Closed drawlinson closed 1 year ago

drawlinson commented 1 year ago

My users on causal wizard (which uses DoWhy) have often requested counterfactual outcomes such as: "what's the total cost if none or all subjects were treated?". These can be answers by DoWhy using the Do-operator by adjusting the treatment value and passing in various subsets of the data. However, the response from Do-operator is not sufficiently detailed - it's the new average effect size.

The average (mean) effect size is not always the metric of interest. For example, the sum of outcomes is more often useful. Consider the case where the various counterfactual scenarios represent different maintenance investment policies over many infrastructure assets. In this case, we want to know the total maintenance cost (i.e. the sum of all cost outcomes given intervention).

In many cases, people want to know all the predicted outcomes individually. For example, if you wanted to perform validation with held-out data, you could compare the predicted results to the actual results.

The implementation of the do-operator in compatible estimators (those descended from RegressionEstimator) first computes all interventional outcomes, and then calculates the mean and returns it.

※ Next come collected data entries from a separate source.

(* Assume (A1)–(A2) below. There is a constant $\hat C_1>0$ depending only on the bounds in (A1)–(A2) such that for every $\varepsilon\in[0,\bar\varepsilon]$, $\gamma\in[\underline\gamma,\bar\gamma]$ and all $(\rho,w),(\hat\rho,\hat w)\in L^2(0,\ell)^2$ with $\underline\rho\le\rho,\hat\rho\le\bar\rho$, $-\bar w\le w,\hat w\le\bar w$ a.e., $$-\int_0^\ell\gamma\,(|w|w-|\hat w|\hat w)\,a\,(\rho w-\hat\rho\hat w)\,dx\le\hat C_1\mathcal{H}_\varepsilon(\boldsymbol u|\hat{\boldsymbol u})-2\mathcal{D}(\boldsymbol u|\hat{\boldsymbol u}),$$ where $\boldsymbol u=(\rho,w)$, $\hat{\boldsymbol u}=(\hat\rho,\hat w)$ and $\mathcal{D}(\boldsymbol u|\hat{\boldsymbol u})=\frac1{16}\int_0^\ell\gamma a\hat\rho(|w|+|\hat w|)(w-\hat w)^2\,dx$.
   Context: Fix $\ell>0$, $a:[0,\ell]\to\mathbb{R}$, a constant $g$, $z:[0,\ell]\to\mathbb{R}$, smooth strictly convex $P:(0,\infty)\to\mathbb{R}$. (A1): positive constants $\underline\rho\le\bar\rho$, $\bar w$, $\bar\varepsilon$ with $\rho P''(\rho)\ge4\bar\varepsilon^2\bar w^2$ for $\underline\rho\le\rho\le\bar\rho$; $0<\underline a\le a\le\bar a$; $|gz|\le\bar g\bar z$. (A2): $0\le\varepsilon\le\bar\varepsilon$, $0<\underline\gamma\le\gamma\le\bar\gamma$, states satisfy $\underline\rho\le\rho\le\bar\rho$, $-\bar w\le w\le\bar w$. Relative energy: $\mathcal{H}_\varepsilon(\boldsymbol u|\hat{\boldsymbol u})=\mathcal{H}_\varepsilon(\boldsymbol u)-\mathcal{H}_\varepsilon(\hat{\boldsymbol u})-\int_0^\ell a[(\varepsilon^2\hat w^2/2+P'(\hat\rho)+gz)(\rho-\hat\rho)+\varepsilon^2\hat\rho\hat w(w-\hat w)]dx$ with $\mathcal{H}_\varepsilon(\rho,w)=\int_0^\ell a(\varepsilon^2\rho w^2/2+P(\rho)+gz\rho)dx$. *)

From HB Require Import structures.
From mathcomp Require Import all_boot all_order all_algebra.
From mathcomp Require Import all_classical all_reals all_analysis.
Set Implicit Arguments. Unset Strict Implicit. Unset Printing Implicit Defensive.
Import Order.TTheory GRing.Theory Num.Theory.
Import numFieldNormedType.Exports.
Local Open Scope classical_set_scope.
Local Open Scope ring_scope.
(* Let $q\ge2$ be fixed. There is a function $\varepsilon(n)\to0$ as $n\to\infty$ such that every $\mathcal{C}\subseteq\Sigma_q^n$ which is a $2$-read $(n,3)_q$-code, or which is a classical $(n,2;\mathcal{I}_1)_q$-reconstruction code, satisfies $r(\mathcal{C})\ge\log_q\log_q n-\varepsilon(n)$; i.e. $r(\mathcal{C})\ge\log_q\log_q n-o(1)$.
   Context: $\Sigma_q=\{0,\dots,q-1\}$. For $\boldsymbol{x}\in\Sigma_q^n$, $x[i]$ is its $i$-th entry, with $x[i]=0$ for $i\notin[1,n]$. $\mathcal{R}(\boldsymbol{x})$ is the vector of length $n+1$ whose $i$-th entry is the multiset $\{\{x[i-1],x[i]\}\}$. $\mathcal{C}\subseteq\Sigma_q^n$ is a $2$-read $(n,d)_q$-code if $d_H(\mathcal{R}(\boldsymbol{x}),\mathcal{R}(\boldsymbol{y}))\ge d$ for all distinct $\boldsymbol{x},\boldsymbol{y}\in\mathcal{C}$ ($d_H$ = Hamming distance). $\mathcal{I}_1(\boldsymbol{x})$ is the set of sequences of length $n+1$ obtained from $\boldsymbol{x}$ by inserting exactly one symbol of $\Sigma_q$; $\mathcal{C}$ is a classical $(n,2;\mathcal{I}_1)_q$-reconstruction code if $|\mathcal{I}_1(\boldsymbol{x})\cap\mathcal{I}_1(\boldsymbol{y})|\le1$ for all distinct $\boldsymbol{x},\boldsymbol{y}\in\mathcal{C}$. Redundancy: $r(\mathcal{C})=n-\log_q|\mathcal{C}|$. *)

From mathcomp Require Import all_boot.
From Stdlib Require Import Reals.
Set Implicit Arguments.
Unset Strict Implicit.
Unset Printing Implicit Defensive.
(** * The regret budget *)

Lemma ln_succ_le_log2p (R : realType) (k : nat) (t : R) :
  ((2 ^ k)%:R : R) <= t -> ln (k.+1%:R : R) <= 1 + log2p (log2 t).
Proof.
move=> pow_le; have l2p := @ln2_gt0 R; have l2 := @ln2_le1 R.
case: k pow_le => [|k] pow_le; first by rewrite ln1; have := log2p_ge0 (log2 t); lra.
have k_le : (k.+1%:R : R) <= log2 t.
  by rewrite /log2 ler_pdivlMr // -ln_pow2 ln_le_ln ?ltr0n ?expn_gt0.
have k_ge1 : (1 : R) <= k.+1%:R by rewrite ler1n.
have log2p_ge : ln (log2 t) <= log2p (log2 t).
  have : 0 <= ln (log2 t) by rewrite ln_ge0 //; lra.
  by rewrite /log2p ifT ?(le_trans k_ge1) // {2}/log2 ler_pdivlMr //; nra.
have : ln (k.+1%:R : R) <= ln (log2 t) by rewrite ln_le_ln //; lra.
have := ln_succ_le R (ltn0Sn k); lra.
Qed.

Lemma log2p_log2 (R : realType) (t : R) : 2 <= t -> log2p (log2 t) = log2 (log2 t).
Proof.
move=> t_ge2; rewrite /log2p ifT // /log2 ler_pdivlMr ?ln2_gt0 // mul1r.
by rewrite ln_le_ln.
Qed.

Definition rate (R : realType) (L g phi n : R) : R :=
  L `^ (g + 1)^-1 * phi `^ (g / (g + 1)) * n `^ (g / (g + 1)).

Section RegretBudget.
Variables (R : realType) (L g phi n : R).
Local Notation M := (rate L g phi n).

Lemma rate_gt0 : 1 <= L -> 0 <= g -> 1 <= phi -> 1 <= n -> 0 < M.
Proof. by move=> *; rewrite /rate !mulr_gt0 ?powR_gt0 //; lra. Qed.

Lemma ln_rate : 1 <= L -> 0 < g -> 1 <= phi -> 1 <= n ->
  ln M = (g + 1)^-1 * ln L + g / (g + 1) * ln phi + g / (g + 1) * ln n.
Proof. by move=> *; rewrite /rate !lnM ?posrE ?mulr_gt0 ?powR_gt0 ?ln_powR //; lra. Qed.

Lemma rate_ge1 : 1 <= L -> 0 < g -> 1 <= phi -> 1 <= n -> 1 <= M.
Proof.
move=> L_ge1 g_gt0 phi_ge1 n_ge1.
have : 0 <= ln M.
  rewrite ln_rate //; have := ln_ge0 L_ge1; have := ln_ge0 phi_ge1; have := ln_ge0 n_ge1.
  have : 0 <= (g + 1)^-1 by rewrite invr_ge0; lra.
  have : 0 <= g / (g + 1) by rewrite divr_ge0 //; lra.
  nra.
have M_gt0 : 0 < M by rewrite rate_gt0 //; lra.
move=> lnM_ge0; rewrite leNgt; apply/negP => M_lt1.
have : ln M < 0 by rewrite ln_lt0 // M_gt0 M_lt1.
lra.
Qed.

Lemma rate_fixpoint : 1 <= L -> 0 < g -> 1 <= phi -> 1 <= n -> L * (n * phi / M) `^ g = M.
Proof.
move=> L_ge1 g_gt0 phi_ge1 n_ge1; have M_gt0 : 0 < M by rewrite rate_gt0 //; lra.
have : 0 < n * phi / M by rewrite divr_gt0 // mulr_gt0 //; lra.
move=> x_gt0; apply: ln_inj; rewrite ?posrE ?mulr_gt0 ?powR_gt0 //; try lra.
rewrite lnM ?posrE ?powR_gt0 //; last lra.
rewrite ln_powR ln_div ?posrE ?mulr_gt0 //; try lra.
rewrite lnM ?posrE //; try lra.
rewrite ln_rate //; first by field; lra.
all: by apply: powR_gt0; lra.
Qed.

Lemma ln_succ_le_rate (I : nat) : 1 <= L -> 0 < g -> 1 <= phi -> 1 <= n ->
  ((2 ^ I)%:R : R) <= n / M -> ln (I.+1%:R : R) <= 2 * M + 1 + log2p (log2 (n / g)).
Proof.
move=> L_ge1 g_gt0 phi_ge1 n_ge1 pow_le.
have M_ge1 : 1 <= M by rewrite rate_ge1.
have l2 := @ln2_ge_half R; have P_ge0 := log2p_ge0 (log2 (n / g)).
have [g_ge1|g_lt1] := leP 1 g; last first.
  suff : ((2 ^ I)%:R : R) <= n / g by move/ln_succ_le_log2p; lra.
  apply: le_trans pow_le _; apply: (@le_trans _ _ n).
    by rewrite ler_pdivrMr; [nra|lra].
  by rewrite ler_pdivlMr //; nra.
have lnI : I%:R * ln 2 <= ln n - ln M.
  by rewrite -ln_pow2 -ln_div ?posrE ?ln_le_ln ?ltr0n ?expn_gt0 //; lra.
have lnM_ge : ln n - ln M <= ln M.
  have := ln_rate L_ge1 g_gt0 phi_ge1 n_ge1.
  have : 0 <= (g - 1) / (g + 1) * ln n by rewrite !mulr_ge0 ?invr_ge0 ?ln_ge0 //; lra.
  have : 0 <= (g + 1)^-1 * ln L by rewrite mulr_ge0 ?invr_ge0 ?ln_ge0 //; lra.
  have : 0 <= g / (g + 1) * ln phi by rewrite mulr_ge0 ?divr_ge0 ?ln_ge0 //; lra.
  have : 2 * (g / (g + 1) * ln n) - ln n = (g - 1) / (g + 1) * ln n by field; lra.
  lra.
have : ln M < M by rewrite ln_sublinear //; lra.
have I_ge0 : (0 : R) <= I%:R := ler0n _ I.
have : ln (I.+1%:R : R) <= I%:R.
  by rewrite -natr1 addrC le_ln1Dx // (lt_le_trans _ I_ge0) // ltrN10.
nra.
Qed.

Lemma entropy_term_le (I J : nat) : 1 <= L -> 0 < g -> 1 <= phi -> 1 <= n ->
  ((2 ^ I)%:R : R) <= n / M -> ((2 ^ J)%:R : R) <= phi ->
  ln 2 * (L * (2 ^ (I + J))%:R `^ g) <= M.
Proof.
move=> L_ge1 g_gt0 phi_ge1 n_ge1 powI_le powJ_le.
have pow_le : ((2 ^ (I + J))%:R : R) <= n * phi / M.
  by rewrite expnD natrM mulrAC ler_pM ?ler0n.
have := rate_fixpoint L_ge1 g_gt0 phi_ge1 n_ge1.
have : L * (2 ^ (I + J))%:R `^ g <= L * (n * phi / M) `^ g.
  rewrite ler_wpM2l ?ge0_ler_powR ?nnegrE ?ler0n ?(le_trans _ pow_le) //; lra.
have : 0 <= L * (2 ^ (I + J))%:R `^ g by rewrite mulr_ge0 ?powR_ge0 //; lra.
have := @ln2_le1 R; have := @ln2_gt0 R; nra.
Qed.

So the desired results are all there - they're just inaccessible.

One possible solution would be to have an interface which returns the list of interventional outcomes e.g.

class RegressionEstimator
  ...

  def get_interventional_outcomes(self, treatment_val, data_df):
    ...

  def _do(self, treatment_val, data_df):
    interventional_outcomes = self.get_interventional_outcomes(treatment_val, data_df)
    return interventional_outcomes.mean()

This is probably ideal for also allowing analysis of individual outcome predictions given interventions.

However, another possibility is to simply modify the do interface to return mean, sum and count as these are the most interesting quantities and satisfy most counterfactual use-cases:

class RegressionEstimator
  ...

  def _do(self, treatment_val, data_df):
    ...

    interventional_outcomes = self.predict_fn(self.model, new_features)
    return interventional_outcomes.mean(), interventional_outcomes.sum(), len(interventional_outcomes)

Happy to create a PR for either method, or another suggestion, if it's wanted.

It would also be nice to have support for the do-operator in other estimators, but I think that's a separate issue.

amit-sharma commented 1 year ago

Hey @drawlinson that's a great point. Thanks for raising it. Users can benefit from having access to the individual outcomes.

Among the options, I like the first one since it does not change the output signature of do method. For simplicity in naming, I suggest calling the new method interventional_outcomes (remove get). Look forward to your PR on this.

drawlinson commented 1 year ago

@amit-sharma PR at https://github.com/py-why/dowhy/pull/1018

I found test coverage for the change via RegressionEstimator.estimate_effect(), which is used in several tests such as tests/test_notebooks.py::test_notebook[dowhy_estimation_methods.ipynb]

I couldn't find a way to link this issue to the PR. Do let me know if I can do anything else. Thanks!